(* Let $\sigma$ and $\phi$ be two permutations of $\{1,\dots,n\}$, let $S\subseteq\{1,\dots,n\}$, and let $\theta$ be defined by $\theta(a)=\sigma(a)$ if $a\in S$ and $\theta(a)=\phi(a)$ if $a\notin S$. Then $\theta$ is a permutation if and only if $S$ is stable by $\phi^{-1}\sigma$. Moreover, in that case $\theta_{|S}=\phi_{|S}(\phi^{-1}\sigma)_{|S}$.
   Context: Permutations compose right to left ($(\phi^{-1}\sigma)(a)=\phi^{-1}(\sigma(a))$). For a permutation $\pi$ of a set $H$ and $S\subseteq H$, the restriction $\pi_{|S}$ is the permutation of $S$ whose cycles are obtained from those of $\pi$ by erasing the elements not in $S$; equivalently $\pi_{|S}(s)=\pi^k(s)$ where $k\ge1$ is least with $\pi^k(s)\in S$. *)

From mathcomp Require Import all_boot all_fingroup.
Set Implicit Arguments. Unset Strict Implicit. Unset Printing Implicit Defensive.

(* Restriction of a map pi : T -> T to S (intended for permutations):
   perm_restr pi S s = pi^k(s) where k >= 1 is least with pi^k(s) \in S.
   For a permutation of the finite type T and s \in S such a k always exists
   and satisfies k <= #|T|, so searching k in 1 .. #|T| is exact.
   (If no such k exists, which never happens for permutations, we return s.) *)
Definition perm_restr (T : finType) (pi : T -> T) (S : {set T}) (s : T) : T :=
  let ks := iota 1 #|T| in
  let P := fun k => iter k pi s \in S in
  if has P ks then iter (nth 0 ks (find P ks)) pi s else s.

From mathcomp Require Import all_boot all_fingroup.

(* Write theta for sigma patched with phi off S and psi for phi^-1 sigma.
   theta can only fail to be injective by colliding a point a of S with a
   point b outside S, and theta a = theta b forces b = psi a; so theta is a
   bijection exactly when psi maps S into S.  For s in S the theta-orbit of s
   starts with sigma s = phi (psi s) and then follows phi as long as it stays
   outside S, so the first return of theta to S is the first return of phi to
   S from psi s, and psi s is itself the first return of psi to S. *)

Lemma find_eq_prefix (p q : pred nat) (s : seq nat) :
  (forall i, i < size s -> (forall j, j < i -> ~~ q (nth 0 s j)) ->
     p (nth 0 s i) = q (nth 0 s i)) ->
  find p s = find q s.
Proof.
elim: s => [//|x s IH] Hpq /=.
have -> : p x = q x by apply: (Hpq 0).
case qx: (q x) => //; congr _.+1; apply: IH => i lt_i_s Hbefore.
apply: (Hpq i.+1) => // -[|j] lt_j_i /=; first by rewrite qx.
exact: Hbefore.
Qed.

Section PermRestr.
Variables (T : finType) (S : {set T}).

Lemma perm_restr_eq_iter (f g : T -> T) (s t : T) :
  has (fun k => iter k g t \in S) (iota 1 #|T|) ->
  (forall k, 0 < k -> (forall i, 0 < i < k -> iter i g t \notin S) ->
     iter k f s = iter k g t) ->
  perm_restr f S s = perm_restr g S t.
Proof.
move=> has_ret Hiter; rewrite /perm_restr.
set P := fun k => iter k f s \in S; set Q := fun k => iter k g t \in S.
have lt_ret_T : find Q (iota 1 #|T|) < #|T|.
  by move: has_ret; rewrite has_find size_iota.
have before_ret j : j < find Q (iota 1 #|T|) -> iter j.+1 g t \notin S.
  move=> lt_j_ret; have lt_j_T := ltn_trans lt_j_ret lt_ret_T.
  by have := before_find 0 lt_j_ret; rewrite nth_iota // add1n /Q => ->.
have find_PQ : find P (iota 1 #|T|) = find Q (iota 1 #|T|).
  apply: find_eq_prefix => i; rewrite size_iota => lt_i_T Hbefore.
  rewrite nth_iota // /P /Q Hiter // => -[//|j] /andP[_].
  rewrite add1n ltnS => lt_j_i.
  by have := Hbefore j lt_j_i; rewrite nth_iota // (ltn_trans lt_j_i lt_i_T).
rewrite (has_find P) (has_find Q) find_PQ size_iota lt_ret_T nth_iota //.
by rewrite Hiter // => -[//|j] /andP[_]; rewrite add1n ltnS; apply: before_ret.
Qed.

Lemma perm_restr_in (pi : T -> T) (s : T) :
  pi s \in S -> perm_restr pi S s = pi s.
Proof.
rewrite /perm_restr; have : 0 < #|T| by apply/card_gt0P; exists s.
by case: #|T| => [//|N] _ /= ->.
Qed.

Lemma has_perm_return (pi : {perm T}) (s : T) :
  s \in S -> has (fun k => iter k pi s \in S) (iota 1 #|T|).
Proof.
move=> sS; apply/hasP; exists (fingraph.order pi s).
  rewrite mem_iota fingraph.order_gt0 add1n ltnS /=.
  by rewrite -size_orbit -(card_uniqP (orbit_uniq _ _)) max_card.
by rewrite iter_order //; apply: perm_inj.
Qed.

End PermRestr.

Section PermPatch.
Variables (T : finType) (sigma phi : {perm T}) (S : {set T}).

Definition perm_patch (a : T) : T := if a \in S then sigma a else phi a.

Let psi (a : T) : T := (phi^-1)%g (sigma a).

Lemma perm_patch_bijP : bijective perm_patch <-> {in S, forall a, psi a \in S}.
Proof.
have phi_psi a : phi (psi a) = sigma a by rewrite /psi permKV.
split=> [/bij_inj patch_inj a aS | psi_stable].
  apply: contraT => psi_aS.
  have : perm_patch (psi a) = perm_patch a.
    by rewrite /perm_patch aS (negbTE psi_aS) phi_psi.
  by move/patch_inj => eq_psi_a; rewrite eq_psi_a aS in psi_aS.
apply: injF_bij => a b; rewrite /perm_patch.
case aS: (a \in S); case bS: (b \in S); try exact: perm_inj.
- move=> eq_ab; have eq_b : b = psi a by rewrite /psi eq_ab permK.
  by move: (psi_stable a aS); rewrite -eq_b bS.
- move=> eq_ab; have eq_a : a = psi b by rewrite /psi -eq_ab permK.
  by move: (psi_stable b bS); rewrite -eq_a aS.
Qed.

Lemma iter_perm_patch (s : T) (k : nat) : s \in S -> 0 < k ->
  (forall i, 0 < i < k -> iter i phi (psi s) \notin S) ->
  iter k perm_patch s = iter k phi (psi s).
Proof.
move=> sS; elim: k => [//|[|k] IH] _ outside.
  by rewrite /= /perm_patch sS /psi permKV.
have outside_k : iter k.+1 phi (psi s) \notin S by apply: outside; rewrite ltnSn.
rewrite iterS IH // => [|i /andP[i_gt0 lt_i_k]]; last first.
  by apply: outside; rewrite i_gt0 ltnW.
by rewrite /perm_patch (negbTE outside_k).
Qed.

Lemma perm_restr_patch (s : T) : {in S, forall a, psi a \in S} -> s \in S ->
  perm_restr perm_patch S s = perm_restr phi S (perm_restr psi S s).
Proof.
move=> psi_stable sS; rewrite [perm_restr psi S s]perm_restr_in ?psi_stable //.
apply: perm_restr_eq_iter; first exact/has_perm_return/psi_stable.
by move=> k; apply: iter_perm_patch.
Qed.

End PermPatch.

Theorem mainTheorem6 (n : nat) (sigma phi : {perm 'I_n}) (S : {set 'I_n}) :
  let theta := fun a : 'I_n => if a \in S then sigma a else phi a in
  let psi := fun a : 'I_n => (phi^-1)%g (sigma a) in
  (bijective theta <-> {in S, forall a, psi a \in S}) /\
  ({in S, forall a, psi a \in S} ->
     {in S, forall s, perm_restr theta S s
                      = perm_restr phi S (perm_restr psi S s)}).
Proof.
move=> theta psi; split; first exact: perm_patch_bijP.
by move=> psi_stable s; apply: perm_restr_patch.
Qed.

▶ _How to complete this task_
Keep every word as given and return the full listing.

▶ _Finished task_
(* Let $\sigma$ and $\phi$ be two permutations of $\{1,\dots,n\}$, let $S\subseteq\{1,\dots,n\}$, and let $\theta$ be defined by $\theta(a)=\sigma(a)$ if $a\in S$ and $\theta(a)=\phi(a)$ if $a\notin S$. Then $\theta$ is a permutation if and only if $S$ is stable by $\phi^{-1}\sigma$. Moreover, in that case $\theta_{|S}=\phi_{|S}(\phi^{-1}\sigma)_{|S}$.
   Context: Permutations compose right to left ($(\phi^{-1}\sigma)(a)=\phi^{-1}(\sigma(a))$). For a permutation $\pi$ of a set $H$ and $S\subseteq H$, the restriction $\pi_{|S}$ is the permutation of $S$ whose cycles are obtained from those of $\pi$ by erasing the elements not in $S$; equivalently $\pi_{|S}(s)=\pi^k(s)$ where $k\ge1$ is least with $\pi^k(s)\in S$. *)

From mathcomp Require Import all_boot all_fingroup.
Set Implicit Arguments. Unset Strict Implicit. Unset Printing Implicit Defensive.

(* Restriction of a map pi : T -> T to S (intended for permutations):
   perm_restr pi S s = pi^k(s) where k >= 1 is least with pi^k(s) \in S.
   For a permutation of the finite type T and s \in S such a k always exists
   and satisfies k <= #|T|, so searching k in 1 .. #|T| is exact.
   (If no such k exists, which never happens for permutations, we return s.) *)
Definition perm_restr (T : finType) (pi : T -> T) (S : {set T}) (s : T) : T :=
  let ks := iota 1 #|T| in
  let P := fun k => iter k pi s \in S in
  if has P ks then iter (nth 0 ks (find P ks)) pi s else s.

From mathcomp Require Import all_boot all_fingroup.

(* Write theta for sigma patched with phi off S and psi for phi^-1 sigma.
   theta can only fail to be injective by colliding a point a of S with a
   point b outside S, and theta a = theta b forces b = psi a; so theta is a
   bijection exactly when psi maps S into S.  For s in S the theta-orbit of s
   starts with sigma s = phi (psi s) and then follows phi as long as it stays
   outside S, so the first return of theta to S is the first return of phi to
   S from psi s, and psi s is itself the first return of psi to S. *)

Lemma find_eq_prefix (p q : pred nat) (s : seq nat) :
  (forall i, i < size s -> (forall j, j < i -> ~~ q (nth 0 s j)) ->
     p (nth 0 s i) = q (nth 0 s i)) ->
  find p s = find q s.
Proof.
elim: s => [//|x s IH] Hpq /=.
have -> : p x = q x by apply: (Hpq 0).
case qx: (q x) => //; congr _.+1; apply: IH => i lt_i_s Hbefore.
apply: (Hpq i.+1) => // -[|j] lt_j_i /=; first by rewrite qx.
exact: Hbefore.
Qed.

Section PermRestr.
Variables (T : finType) (S : {set T}).

Lemma perm_restr_eq_iter (f g : T -> T) (s t : T) :
  has (fun k => iter k g t \in S) (iota 1 #|T|) ->
  (forall k, 0 < k -> (forall i, 0 < i < k -> iter i g t \notin S) ->
     iter k f s = iter k g t) ->
  perm_restr f S s = perm_restr g S t.
Proof.
move=> has_ret Hiter; rewrite /perm_restr.
set P := fun k => iter k f s \in S; set Q := fun k => iter k g t \in S.
have lt_ret_T : find Q (iota 1 #|T|) < #|T|.
  by move: has_ret; rewrite has_find size_iota.
have before_ret j : j < find Q (iota 1 #|T|) -> iter j.+1 g t \notin S.
  move=> lt_j_ret; have lt_j_T := ltn_trans lt_j_ret lt_ret_T.
  by have := before_find 0 lt_j_ret; rewrite nth_iota // add1n /Q => ->.
have find_PQ : find P (iota 1 #|T|) = find Q (iota 1 #|T|).
  apply: find_eq_prefix => i; rewrite size_iota => lt_i_T Hbefore.
  rewrite nth_iota // /P /Q Hiter // => -[//|j] /andP[_].
  rewrite add1n ltnS => lt_j_i.
  by have := Hbefore j lt_j_i; rewrite nth_iota // (ltn_trans lt_j_i lt_i_T).
rewrite (has_find P) (has_find Q) find_PQ size_iota lt_ret_T nth_iota //.
by rewrite Hiter // => -[//|j] /andP[_]; rewrite add1n ltnS; apply: before_ret.
Qed.

Lemma perm_restr_in (pi : T -> T) (s : T) :
  pi s \in S -> perm_restr pi S s = pi s.
Proof.
rewrite /perm_restr; have : 0 < #|T| by apply/card_gt0P; exists s.
by case: #|T| => [//|N] _ /= ->.
Qed.

Lemma has_perm_return (pi : {perm T}) (s : T) :
  s \in S -> has (fun k => iter k pi s \in S) (iota 1 #|T|).
Proof.
move=> sS; apply/hasP; exists (fingraph.order pi s).
  rewrite mem_iota fingraph.order_gt0 add1n ltnS /=.
  by rewrite -size_orbit -(card_uniqP (orbit_uniq _ _)) max_card.
by rewrite iter_order //; apply: perm_inj.
Qed.

End PermRestr.

Section PermPatch.
Variables (T : finType) (sigma phi : {perm T}) (S : {set T}).

Definition perm_patch (a : T) : T := if a \in S then sigma a else phi a.

Let psi (a : T) : T := (phi^-1)%g (sigma a).

Lemma perm_patch_bijP : bijective perm_patch <-> {in S, forall a, psi a \in S}.
Proof.
have phi_psi a : phi (psi a) = sigma a by rewrite /psi permKV.
split=> [/bij_inj patch_inj a aS | psi_stable].
  apply: contraT => psi_aS.
  have : perm_patch (psi a) = perm_patch a.
    by rewrite /perm_patch aS (negbTE psi_aS) phi_psi.
  by move/patch_inj => eq_psi_a; rewrite eq_psi_a aS in psi_aS.
apply: injF_bij => a b; rewrite /perm_patch.
case aS: (a \in S); case bS: (b \in S); try exact: perm_inj.
- move=> eq_ab; have eq_b : b = psi a by rewrite /psi eq_ab permK.
  by move: (psi_stable a aS); rewrite -eq_b bS.
- move=> eq_ab; have eq_a : a = psi b by rewrite /psi -eq_ab permK.
  by move: (psi_stable b bS); rewrite -eq_a aS.
Qed.

Lemma iter_perm_patch (s : T) (k : nat) : s \in S -> 0 < k ->
  (forall i, 0 < i < k -> iter i phi (psi s) \notin S) ->
  iter k perm_patch s = iter k phi (psi s).
Proof.
move=> sS; elim: k => [//|[|k] IH] _ outside.
  by rewrite /= /perm_patch sS /psi permKV.
have outside_k : iter k.+1 phi (psi s) \notin S by apply: outside; rewrite ltnSn.
rewrite iterS IH // => [|i /andP[i_gt0 lt_i_k]]; last first.
  by apply: outside; rewrite i_gt0 ltnW.
by rewrite /perm_patch (negbTE outside_k).
Qed.

Lemma perm_restr_patch (s : T) : {in S, forall a, psi a \in S} -> s \in S ->
  perm_restr perm_patch S s = perm_restr phi S (perm_restr psi S s).
Proof.
move=> psi_stable sS; rewrite [perm_restr psi S s]perm_restr_in ?psi_stable //.
apply: perm_restr_eq_iter; first exact/has_perm_return/psi_stable.
by move=> k; apply: iter_perm_patch.
Qed.

End PermPatch.

Theorem mainTheorem6 (n : nat) (sigma phi : {perm 'I_n}) (S : {set 'I_n}) :
  let theta := fun a : 'I_n => if a \in S then sigma a else phi a in
  let psi := fun a : 'I_n => (phi^-1)%g (sigma a) in
  (bijective theta <-> {in S, forall a, psi a \in S}) /\
  ({in S, forall a, psi a \in S} ->
     {in S, forall s, perm_restr theta S s
                      = perm_restr phi S (perm_restr psi S s)}).
Proof.
move=> theta psi; split; first exact: perm_patch_bijP.
by move=> psi_stable s; apply: perm_restr_patch.
Qed.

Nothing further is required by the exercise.